### What the exercise asks
Would you return the lines between the one holding "Definition discrete_valuation (K" and the one holding "x = a *: f1 + b", inclusive, and only those, exactly as they stand in the listing below?

-=-=-=-=-

(* Let $[L_1],[L_2],[L_3]\in\mathfrak B_3^0$ be distinct, and suppose the lines between $[L_1]$ and $[L_2]$ and between $[L_1]$ and $[L_3]$ are both unbent. Then either the three classes lie in a single apartment, or there exist a basis $e_1,e_2,e_3$ of $L_1$ and integers $t,s,u$ with $0<t<s$ and $t<u$ such that, after possibly exchanging $[L_2]$ and $[L_3]$, the classes $[L_2],[L_3]$ have representatives of one of the following forms: (i) $L_2=R\{e_1,\pi^se_2,\pi^se_3\}$ and $L_3=R\{e_1+\pi^te_2,\pi^ue_2,\pi^ue_3\}$; (ii) $L_2=R\{e_1,\pi^se_2,\pi^se_3\}$ and $L_3=R\{e_1+\pi^te_3,e_2,\pi^ue_3\}$; (iii) $L_2=R\{e_1,e_2,\pi^se_3\}$ and $L_3=R\{e_1+\pi^te_3,e_2,\pi^ue_3\}$. Here $R\{f_1,f_2,f_3\}$ denotes the $R$-span of $f_1,f_2,f_3$.
   Context: Let $K$ be a field with a discrete valuation $v\colon K^*\to\mathbb Z$, valuation ring $R$, residue field $k$ and uniformizer $\pi$. Let $V$ be a $3$-dimensional $K$-vector space. A lattice is an $R$-submodule of $V$ free of rank $3$; $\mathfrak B_3^0$ is the set of homothety classes $[L]=\{\alpha L:\alpha\in K^*\}$ of lattices. A set of classes lies in a single apartment if there is a basis $f_1,f_2,f_3$ of $V$ such that every class in the set is represented by a lattice $\pi^{m_1}Rf_1+\pi^{m_2}Rf_2+\pi^{m_3}Rf_3$ with $m_i\in\mathbb Z$. For distinct $[L],[M]\in\mathfrak B_3^0$ choose (by the elementary divisor theorem) a basis $e_1,e_2,e_3$ of $V$ and integers $m_1\le m_2\le m_3$ with $L=Re_1+Re_2+Re_3$, $M=\pi^{m_1}Re_1+\pi^{m_2}Re_2+\pi^{m_3}Re_3$; the line between $[L]$ and $[M]$ is bent if $m_1<m_2<m_3$ and unbent otherwise. *)

From HB Require Import structures.
From mathcomp Require Import all_boot all_order all_algebra.
Set Implicit Arguments. Unset Strict Implicit. Unset Printing Implicit Defensive.
Import Order.TTheory GRing.Theory Num.Theory.
Local Open Scope ring_scope.

(* A discrete valuation v : K^* -> Z (values on 0 are irrelevant junk). *)
Definition discrete_valuation (K : fieldType) (v : K -> int) : Prop :=
  (forall x y : K, x != 0 -> y != 0 -> v (x * y) = v x + v y) /\
  (forall x y : K, x != 0 -> y != 0 -> x + y != 0 ->
      Num.min (v x) (v y) <= v (x + y)) /\
  (exists x : K, x != 0 /\ v x = 1).

Definition inR (K : fieldType) (v : K -> int) (x : K) : Prop :=
  x = 0 \/ 0 <= v x.

Definition vec (K : fieldType) := 'rV[K]_3.

Definition span3 (K : fieldType) (v : K -> int) (f1 f2 f3 : vec K) : vec K -> Prop :=
  fun x => exists a b c : K, inR v a /\ inR v b /\ inR v c /\
                             x = a *: f1 + b *: f2 + c *: f3.

Definition basis3 (K : fieldType) (f1 f2 f3 : vec K) : Prop :=
  forall a b c : K, a *: f1 + b *: f2 + c *: f3 = 0 -> a = 0 /\ b = 0 /\ c = 0.

Definition same_set (K : fieldType) (L M : vec K -> Prop) : Prop :=
  forall x, L x <-> M x.

(* A lattice: an R-submodule of V free of rank 3, i.e. the R-span of
   R-(equivalently K-)linearly independent f1,f2,f3. *)
Definition is_lattice (K : fieldType) (v : K -> int) (L : vec K -> Prop) : Prop :=
  exists f1 f2 f3 : vec K, basis3 f1 f2 f3 /\ same_set L (span3 v f1 f2 f3).

Definition homothetic (K : fieldType) (L M : vec K -> Prop) : Prop :=
  exists alpha : K, alpha != 0 /\ forall x, L x <-> M (alpha^-1 *: x).

(* The line between [L] and [M] is unbent: in an elementary divisor
   presentation L = R{e1,e2,e3}, M = R{pi^m1 e1, pi^m2 e2, pi^m3 e3} with
   m1 <= m2 <= m3, one does not have m1 < m2 < m3.  (The m_i are unique
   up to a common shift, so this does not depend on the choice.) *)
Definition unbent (K : fieldType) (v : K -> int) (pi : K) (L M : vec K -> Prop) : Prop :=
  exists (e1 e2 e3 : vec K) (m1 m2 m3 : int),
    basis3 e1 e2 e3 /\ m1 <= m2 /\ m2 <= m3 /\
    same_set L (span3 v e1 e2 e3) /\
    same_set M (span3 v (pi ^ m1 *: e1) (pi ^ m2 *: e2) (pi ^ m3 *: e3)) /\
    ~ (m1 < m2 /\ m2 < m3).

Definition same_apartment (K : fieldType) (v : K -> int) (pi : K)
  (L1 L2 L3 : vec K -> Prop) : Prop :=
  exists f1 f2 f3 : vec K, basis3 f1 f2 f3 /\
    forall L, (L = L1 \/ L = L2 \/ L = L3) ->
      exists m1 m2 m3 : int,
        homothetic L (span3 v (pi ^ m1 *: f1) (pi ^ m2 *: f2) (pi ^ m3 *: f3)).

Definition special_forms (K : fieldType) (v : K -> int) (pi : K)
  (e1 e2 e3 : vec K) (t s u : int) (M2 M3 : vec K -> Prop) : Prop :=
  (homothetic M2 (span3 v e1 (pi ^ s *: e2) (pi ^ s *: e3)) /\
   homothetic M3 (span3 v (e1 + pi ^ t *: e2) (pi ^ u *: e2) (pi ^ u *: e3)))
  \/
  (homothetic M2 (span3 v e1 (pi ^ s *: e2) (pi ^ s *: e3)) /\
   homothetic M3 (span3 v (e1 + pi ^ t *: e3) e2 (pi ^ u *: e3)))
  \/
  (homothetic M2 (span3 v e1 e2 (pi ^ s *: e3)) /\
   homothetic M3 (span3 v (e1 + pi ^ t *: e3) e2 (pi ^ u *: e3))).

From HB Require Import structures.
From mathcomp Require Import all_boot all_order all_algebra.
From mathcomp Require Import ring.
Import Order.TTheory GRing.Theory Num.Theory.
Set Implicit Arguments.
Unset Strict Implicit.
Unset Printing Implicit Defensive.
Local Open Scope ring_scope.

Ltac vec_ring := apply/rowP => j; rewrite !mxE; ring.
Ltac vec_field := apply/rowP => j; rewrite !mxE; field.

(* Along an unbent line the elementary divisors take at most
   two values, so after rescaling the far end is R x + pi^s L1 or
   R x + R y + pi^s L1 with s > 0 and x (resp. x, y) part of a basis of L1.  Such
   a lattice only depends on x (resp. on R x + R y) up to units and modulo
   pi^s L1.  Expressing the generators of L3 in a basis adapted to L2, and using
   that members of a basis are primitive, one finds either a basis of L1 adapted
   to both lattices, or a basis e1, e2, e3 in which the generators become e1 and
   e1 + pi^t e for a third basis vector e.  The term pi^t e is absorbed by
   pi^s L1 or pi^u L1 unless t < s and t < u, which leaves the special forms. *)

(** * The valuation ring *)

Section Valuation.
Variables (K : fieldType) (v : K -> int).
Hypothesis hv : discrete_valuation v.

Lemma valM x y : x != 0 -> y != 0 -> v (x * y) = v x + v y.
Proof. by case: hv => vM _; apply: vM. Qed.

Lemma val1 : v 1 = 0.
Proof.
have := valM (oner_neq0 K) (oner_neq0 K); rewrite mulr1.
by move=> /(congr1 (fun z => z - v 1)); rewrite subrr addrK.
Qed.

Lemma valV x : x != 0 -> v x^-1 = - v x.
Proof.
move=> x0; have := valM x0 (invr_neq0 x0); rewrite mulfV // val1.
by move=> /esym/eqP; rewrite addrC addr_eq0 => /eqP.
Qed.

Lemma valN x : x != 0 -> v (- x) = v x.
Proof.
have n1 : (-1 : K) != 0 by rewrite oppr_eq0 oner_neq0.
have vN1 : v (-1) = 0.
  have := valM n1 n1; rewrite mulrNN mulr1 val1.
  by move=> /esym/eqP; rewrite -mulr2n mulrn_eq0 => /eqP.
by move=> x0; rewrite -mulN1r valM // vN1 add0r.
Qed.

Local Notation R := (inR v).

Lemma inR0 : R 0. Proof. by left. Qed.

Lemma inR1 : R 1. Proof. by right; rewrite val1. Qed.

Lemma inRM x y : R x -> R y -> R (x * y).
Proof.
case: (eqVneq x 0) => [-> _ _|x0]; first by rewrite mul0r; left.
case: (eqVneq y 0) => [-> _ _|y0]; first by rewrite mulr0; left.
case=> [/eqP|hx]; first by rewrite (negbTE x0).
case=> [/eqP|hy]; first by rewrite (negbTE y0).
by right; rewrite valM // addr_ge0.
Qed.

Lemma inRD x y : R x -> R y -> R (x + y).
Proof.
case: (eqVneq x 0) => [-> _|x0]; first by rewrite add0r.
case: (eqVneq y 0) => [-> ?|y0]; first by rewrite addr0.
case: (eqVneq (x + y) 0) => [-> _ _|xy0]; first exact: inR0.
case=> [/eqP|hx]; first by rewrite (negbTE x0).
case=> [/eqP|hy]; first by rewrite (negbTE y0).
case: hv => _ [vD _]; right.
by apply: le_trans (vD _ _ x0 y0 xy0); rewrite le_min hx hy.
Qed.

Lemma inRN x : R x -> R (- x).
Proof.
case: (eqVneq x 0) => [-> _|x0]; first by rewrite oppr0; left.
by case=> [/eqP|hx]; [rewrite (negbTE x0)|right; rewrite valN].
Qed.

Lemma inRB x y : R x -> R y -> R (x - y).
Proof. by move=> hx /inRN; apply: inRD. Qed.

Definition vunit (c : K) := c != 0 /\ v c = 0.

Lemma vunit_inR c : vunit c -> R c.
Proof. by case=> _ h; right; rewrite h. Qed.

Lemma vunit1 : vunit 1.
Proof. by split; [exact: oner_neq0|exact: val1]. Qed.

Lemma vunitV c : vunit c -> vunit c^-1.
Proof. by case=> c0 h; split; [rewrite invr_neq0|rewrite valV // h oppr0]. Qed.

Lemma inRV c : vunit c -> R c^-1.
Proof. by move/vunitV/vunit_inR. Qed.

Lemma vunit_dec c : vunit c \/ ~ vunit c.
Proof.
case: (eqVneq c 0) => [->|c0]; first by right; case; rewrite eqxx.
by case: (eqVneq (v c) 0) => h; [left|right; case=> _ /eqP; rewrite (negbTE h)].
Qed.

Variable pi : K.
Hypotheses (hpi : v pi = 1) (pi0 : pi != 0).

Lemma val_piX (n : int) : v (pi ^ n) = n.
Proof.
have vn (k : nat) : v (pi ^+ k) = k%:Z.
  elim: k => [|k IH]; first by rewrite expr0 val1.
  by rewrite exprS valM ?expf_neq0 // IH hpi intS.
case: n => k; first exact: vn.
by rewrite /exprz valV ?expf_neq0 // vn NegzE.
Qed.

Lemma inR_piX (n : int) : 0 <= n -> R (pi ^ n).
Proof. by move=> hn; right; rewrite val_piX. Qed.

Lemma piX_split (k t : int) : pi ^ t = pi ^ k * pi ^ (t - k).
Proof. by rewrite -expfzDr // addrC subrK. Qed.

Lemma inR_divr x y : x != 0 -> y = 0 \/ v x <= v y -> R (y / x).
Proof.
case: (eqVneq y 0) => [-> _ _|y0 x0 [/eqP|h]]; first by rewrite mul0r; exact: inR0.
  by rewrite (negbTE y0).
by right; rewrite valM ?invr_neq0 // valV // subr_ge0.
Qed.

Lemma piX_factor (c : K) (t : int) : c = 0 \/ t <= v c ->
  exists c', R c' /\ c = pi ^ t * c'.
Proof.
move=> h; exists (pi ^ (- t) * c); split; last first.
  by rewrite mulrA -expfzDr // subrr expr0z mul1r.
case: (eqVneq c 0) => [->|c0]; first by rewrite mulr0; left.
case: h => [/eqP|h]; first by rewrite (negbTE c0).
by right; rewrite valM ?expfz_neq0 // val_piX addrC subr_ge0.
Qed.

Lemma unit_part c : c != 0 -> exists g, vunit g /\ c = pi ^ (v c) * g.
Proof.
move=> c0; exists (pi ^ (- v c) * c); split; last first.
  by rewrite mulrA -expfzDr // subrr expr0z mul1r.
by split; [rewrite mulf_neq0 ?expfz_neq0|rewrite valM ?expfz_neq0 // val_piX addNr].
Qed.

-=-=-=-=-

### Solution to the exercise
Definition discrete_valuation (K : fieldType) (v : K -> int) : Prop :=
  (forall x y : K, x != 0 -> y != 0 -> v (x * y) = v x + v y) /\
  (forall x y : K, x != 0 -> y != 0 -> x + y != 0 ->
      Num.min (v x) (v y) <= v (x + y)) /\
  (exists x : K, x != 0 /\ v x = 1).

Definition inR (K : fieldType) (v : K -> int) (x : K) : Prop :=
  x = 0 \/ 0 <= v x.

Definition vec (K : fieldType) := 'rV[K]_3.

Definition span3 (K : fieldType) (v : K -> int) (f1 f2 f3 : vec K) : vec K -> Prop :=
  fun x => exists a b c : K, inR v a /\ inR v b /\ inR v c /\
                             x = a *: f1 + b *: f2 + c *: f3.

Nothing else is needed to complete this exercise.